The works on offer at Sotheby’s comprised only a part of Landau’s full collection, hundreds of works from which now reside in The Whitney Museum of American Art, where she served as a trustee for decades. Laudau’s legacy ranks among that of Gertrude Vanderbilt Whitney, Peggy Guggenheim, Gertrude Stein and other great women collectors of the 20th century. A testament to the depths of her collection and her prowess as a patron, the auctions were led by Pablo Picasso’s Femme à la montre, a portrait of Marie-Thérèse Walter from his magisterial year of 1932, which, at $139.4 million, became the second highest price ever achieved for the artist at auction and the most valuable work of art sold at auction this year.
Bidding battle for Picasso’s Femme à la montre
Numerous records were set thereafter, including with the collection’s next-highest lot, Jasper Johns’ Flags from 1986, which established a new high for a painting from his landmark series at $41 million. Rounding out the collection’s top three lots was Securing the Last Letter (Boss) by Ed Ruscha, an artist with whom Landau had a deep and lasting friendship. The painting sold for $39.4 million, the artist’s second-highest price at auction. All top five lots tipped the scales over $20 million, with nine works all selling for more than $10 million; the average lot value was an impressive $13 million, one of the highest ever established at auction.
Throughout the night, additional benchmarks were set for Agnes Martin, whose Grey Stone II (1961) realized $18.7 million after eight bidders brought it to more than double its high estimate, and Mark Tansey, whose Triumph Over Mastery II (1987) achieved $11.8 million after a four-way bidding battle – both auction records for their artists.
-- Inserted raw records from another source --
From Pilot Require Import Defs.
From Stdlib Require Import List Permutation.
From mathcomp Require Import all_boot zify.

(** Writing [t = s o rs], cutting at the leaves of [s] identifies the interval
  [[s, t]] with the down-set of [rs] in the componentwise prefix order on
  forests, so everything reduces to comparing such down-sets.
  Leaf components of [rs] contribute nothing, components may be permuted, and a
  component [b[cs]] contributes a copy of the down-set of [cs]: hence equal
  shadows give isomorphic down-sets.
  Conversely, the atoms of the down-set of [rs] are the forests with a single
  node, one for each non-leaf component [b[cs]]. The elements above such an atom
  whose non-minimal lower bounds all lie above it form a copy of the down-set
  of [cs], and the elements not above it form the down-set of [rs] with that
  component replaced by a leaf. An isomorphism preserves atoms and these two
  sets, so induction on the number of nodes recovers the shadows. *)

Set Implicit Arguments.
Unset Strict Implicit.
Unset Printing Implicit Defensive.

(** * Prefix order on trees and forests *)

Section Prefix.
Variable G : Type.
Notation tree := (tree G).

Lemma tree_forest_ind (P : tree -> Prop) (Q : seq tree -> Prop) :
  P Leaf -> (forall a ts, Q ts -> P (Node a ts)) ->
  Q [::] -> (forall t ts, P t -> Q ts -> Q (t :: ts)) ->
  (forall t, P t) /\ (forall ts, Q ts).
Proof.
move=> PL PN Qnil Qcons.
have tP : forall t, P t.
  refine (fix tP t : P t := match t with
    | Leaf => PL
    | Node a ts => PN a ts ((fix fP ts : Q ts := match ts with
        | [::] => Qnil
        | t :: ts' => Qcons t ts' (tP t) (fP ts') end) ts) end).
by split=> //; elim=> // t ts; apply: Qcons.
Qed.

(* The inner fixpoint is [fprefix], inlined for the guard condition. *)
Fixpoint tprefix (u v : tree) : Prop :=
  match u, v with
  | Leaf, _ => True
  | Node _ _, Leaf => False
  | Node a us, Node b vs => a = b /\
      (fix fprefix us vs := match us, vs with
        | [::], [::] => True
        | u1 :: us1, v1 :: vs1 => tprefix u1 v1 /\ fprefix us1 vs1
        | _, _ => False end) us vs
  end.

Fixpoint fprefix (us vs : seq tree) : Prop :=
  match us, vs with
  | [::], [::] => True
  | u1 :: us1, v1 :: vs1 => tprefix u1 v1 /\ fprefix us1 vs1
  | _, _ => False
  end.

Lemma tprefix_node a b us vs :
  tprefix (Node a us) (Node b vs) = (a = b /\ fprefix us vs).
Proof. by []. Qed.

Lemma tprefix_leaf u : tprefix u Leaf -> u = Leaf.
Proof. by case: u. Qed.

Lemma tprefix_node_inv a us v : tprefix (Node a us) v ->
  exists2 vs, v = Node a vs & fprefix us vs.
Proof. by case: v => // b vs [<-]; exists vs. Qed.

Definition is_node (t : tree) : bool := if t is Node _ _ then true else false.

Lemma tprefix_is_node u v : tprefix u v -> is_node u -> is_node v.
Proof. by case: u v => [|a us] [|b vs]. Qed.

Lemma fprefix_size us vs : fprefix us vs -> size us = size vs.
Proof. by elim: us vs => [|u us IH] [|v vs] //= [_ /IH ->]. Qed.

Lemma fprefix_refl us : fprefix us us.
Proof.
by move: us; apply: (proj2 (@tree_forest_ind (fun u => tprefix u u) _ _ _ _ _)).
Qed.

Lemma fprefix_trans us vs ws : fprefix us vs -> fprefix vs ws -> fprefix us ws.
Proof.
move: us vs ws; apply: (proj2 (@tree_forest_ind
  (fun u => forall v w, tprefix u v -> tprefix v w -> tprefix u w) _ _ _ _ _)) => //.
- move=> a ts IH [|b vs] [|c ws] //= [-> le_ts] [-> le_vs].
  by split=> //; apply: IH le_ts le_vs.
- by move=> [|? ?] [|? ?].
- move=> t ts IHt IHts [|v vs] [|w ws] //= [le_tv le_ts] [le_vw le_vs].
  by split; [apply: IHt le_tv le_vw | apply: IHts le_ts le_vs].
Qed.

Lemma fprefix_cat X X' Y Y' : size X = size X' ->
  fprefix (X ++ Y) (X' ++ Y') <-> fprefix X X' /\ fprefix Y Y'.
Proof.
elim: X X' => [|x X IH] [|x' X'] //= => [_ | [/IH ->]]; last by tauto.
by split=> // -[].
Qed.

Lemma fprefix_cat_cons X X' x x' Y Y' : size X = size X' ->
  fprefix (X ++ x :: Y) (X' ++ x' :: Y') <->
  [/\ fprefix X X', tprefix x x' & fprefix Y Y'].
Proof. by move/fprefix_cat=> ->; rewrite /=; split=> [[? []] | []]. Qed.

Lemma fprefix_cat_consl X x Y vs : fprefix (X ++ x :: Y) vs ->
  exists X' x' Y', [/\ vs = X' ++ x' :: Y', size X' = size X,
                      fprefix X X', tprefix x x' & fprefix Y Y'].
Proof.
elim: X vs => [|u X IH] [|v vs] //= [H1 H2]; first by exists [::], v, vs.
have [X' [x' [Y' [-> <- *]]]] := IH _ H2.
by exists (v :: X'), x', Y'.
Qed.

Lemma fprefix_cat_consr y X' x' Y' : fprefix y (X' ++ x' :: Y') ->
  exists X x Y, [/\ y = X ++ x :: Y, size X = size X',
                   fprefix X X', tprefix x x' & fprefix Y Y'].
Proof.
elim: X' y => [|v X' IH] [|u y] //= [H1 H2]; first by exists [::], u, y.
have [X [x [Y [-> <- *]]]] := IH _ H2.
by exists (u :: X), x, Y.
Qed.

Lemma fprefix_nth us vs i : fprefix us vs ->
  tprefix (nth Leaf us i) (nth Leaf vs i).
Proof.
elim: us vs i => [|u us IH] [|v vs] [|i] //= [H1 H2] //; exact: IH.
Qed.

Definition leaves n : seq tree := nseq n Leaf.

Lemma leaves_fprefix vs : fprefix (leaves (size vs)) vs.
Proof. by elim: vs => //= v vs ->. Qed.

Lemma fprefix_leaves us n : fprefix us (leaves n) -> us = leaves n.
Proof. by elim: n us => [|n IH] [|u us] //= [/tprefix_leaf -> /IH ->]. Qed.

Definition below (rs : seq tree) (y : seq tree) : Prop := fprefix y rs.

Lemma forest_leaves_or_node y : y = leaves (size y) \/
  exists Y1 c ws Y2, y = Y1 ++ Node c ws :: Y2.
Proof.
elim: y => [|u y IH]; first by left.
case: u => [|c ws]; last by right; exists [::], c, ws, y.
case: IH => [Ey | [Y1 [c [ws [Y2 ->]]]]]; first by left; rewrite /= -Ey.
by right; exists (Leaf :: Y1), c, ws, Y2.
Qed.

End Prefix.

Arguments leaves {G} n.
Arguments tprefix {G}.
Arguments fprefix {G}.
Arguments is_node {G}.
Arguments below {G}.

(** * Order isomorphisms, atoms and cones *)

Definition order_iso (A B : Type) (P : A -> Prop) (le : A -> A -> Prop)
    (Q : B -> Prop) (le' : B -> B -> Prop) (f : A -> B) (g : B -> A) :=
  [/\ forall u, P u -> Q (f u) /\ g (f u) = u,
      forall v, Q v -> P (g v) /\ f (g v) = v &
      forall u v, P u -> P v -> (le u v <-> le' (f u) (f v))].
Additionally, when Robert Rauschenberg’s Vitamin (1960-68) sold for $3.5 million, it established a new record for the artist’s works on paper.
Works by Cy Twombly ($26.8 million), Mark Rothko ($22.2 million), Robert Indiana ($825,500), Andy Warhol and Georiga O’Keeffe sold to collectors in Asia during the evening sale, which also saw high institutional activity.
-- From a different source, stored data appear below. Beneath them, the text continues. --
(* Let $r=\max\{\eta_a,\eta_b\}$, $\alpha=\max\{\sigma_{\max}(U):U\in B(V_*,r)\}$, $L=6\alpha^2\max\{|\lambda_1|,|\lambda_{\max}|\}$ and $\hat L=\frac{2L}{3\alpha}$. Then for all $U_i,U_j\in B(V_*,r)$, $$\|\mathcal{A}_{U_i}U_i-\mathcal{A}_{U_j}U_j\|\leqslant L\|U_i-U_j\|,\qquad \|\mathcal{A}_{U_i}-\mathcal{A}_{U_j}\|\leqslant\hat L\|U_i-U_j\|.$$
   Context: Let $\mathcal{V}^{N_g}$ be a real Hilbert space of finite dimension $N_g$ with inner product $(\cdot,\cdot)$, and let $H:\mathcal{V}^{N_g}\to\mathcal{V}^{N_g}$ be a self-adjoint linear operator with eigenvalues $\lambda_1\leqslant\cdots\leqslant\lambda_{N_g}$, $\lambda_{\max}=\lambda_{N_g}$, $\lambda_1<0$. Fix $N<N_g$ with $\lambda_N<\lambda_{N+1}$. Elements of $(\mathcal{V}^{N_g})^N$ are written $U=(u_1,\dots,u_N)$; $U^\top V=((u_i,v_j))_{i,j=1}^N$; for a real $N\times N$ matrix $A=(a_{kj})$, $UA$ has $j$-th component $\sum_k a_{kj}u_k$; $HU=(Hu_1,\dots,Hu_N)$; $\|U\|=\operatorname{tr}(U^\top U)^{1/2}$; $\sigma_{\max}(U)=\sqrt{\lambda_{\max}(U^\top U)}$. Set $\nabla E(U)=HU$. For $U$, $\mathcal{A}_U=\nabla E(U)U^\top-U\nabla E(U)^\top$ is the linear operator on $\mathcal{V}^{N_g}$ given by $\mathcal{A}_Uw=\sum_{i=1}^N\big(Hu_i\,(u_i,w)-u_i\,(Hu_i,w)\big)$, applied componentwise to elements of $(\mathcal{V}^{N_g})^N$; for linear operators on $\mathcal{V}^{N_g}$, $\|\cdot\|$ is the Hilbert–Schmidt norm (so $\|\mathcal{A}_U\|^2=-\operatorname{tr}(\mathcal{A}_U^2)$). Let $V_*$ satisfy $V_*^\top V_*=I_N$, $HV_*=V_*\operatorname{diag}(\lambda_1,\dots,\lambda_N)$. $\mathcal{O}^N$ denotes the $N\times N$ orthogonal matrices, $\operatorname{dist}([U],[V_*])=\inf_{Q\in\mathcal{O}^N}\|UQ-V_*\|$, $B(U,\eta)=\{W:\|W-U\|\leqslant\eta\}$, $B([V_*],\eta)=\{W:\operatorname{dist}([W],[V_*])\leqslant\eta\}$. Fix constants $\eta_a,\eta_b,\delta^*>0$ such that (as asserted in the paper) there is a unique function $\hat g:B(V_*,\eta_a)\times[0,\delta^*]\to B(V_*,\eta_b)$ with $\hat g(U,s)-U=-s\,\mathcal{A}_{\frac{\hat g(U,s)+U}{2}}\frac{\hat g(U,s)+U}{2}$, and a unique function $g:B([V_*],\eta_a)\times[0,\delta^*]\to B([V_*],\eta_b)$ with $g(U,s)=\hat g(U,s)-s\nabla E(\hat g(U,s))(I_N-\hat g(U,s)^\top\hat g(U,s))$. *)

From HB Require Import structures.
From mathcomp Require Import all_boot all_order all_algebra.
From mathcomp Require Import all_classical all_reals.
Set Implicit Arguments. Unset Strict Implicit. Unset Printing Implicit Defensive.
Import Order.TTheory GRing.Theory Num.Theory.
Local Open Scope ring_scope.
Local Open Scope classical_set_scope.

(* The Hilbert space V^{N_g} is modelled as R^{N_g} (column vectors) with the
   standard inner product; an element U of (V^{N_g})^N is an N_g x N matrix
   whose j-th column is u_j. Then U^T V is the matrix transpose product, UA is
   the matrix product, HU is H *m U. *)

(* Frobenius norm ||U|| = tr(U^T U)^{1/2}; on square matrices (operators) this
   is the Hilbert-Schmidt norm. *)
Definition frob (R : realType) (m n : nat) (U : 'M[R]_(m, n)) : R :=
  Num.sqrt (\tr (U^T *m U)).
“Emily Fisher Landau’s prescient and unerring eye allowed us to shine a spotlight tonight onto the great artists who now form the bedrock of 20th century art history,” said Brooke Lampley, Sotheby’s Chairman and Head of Global Fine Art, after the evening auction. “As every single lot found a new home, we saw the enduring appeal of these masters affirmed once again.”
Further works of art and design objects from Landau’s collection will be offered at Sotheby’s next year.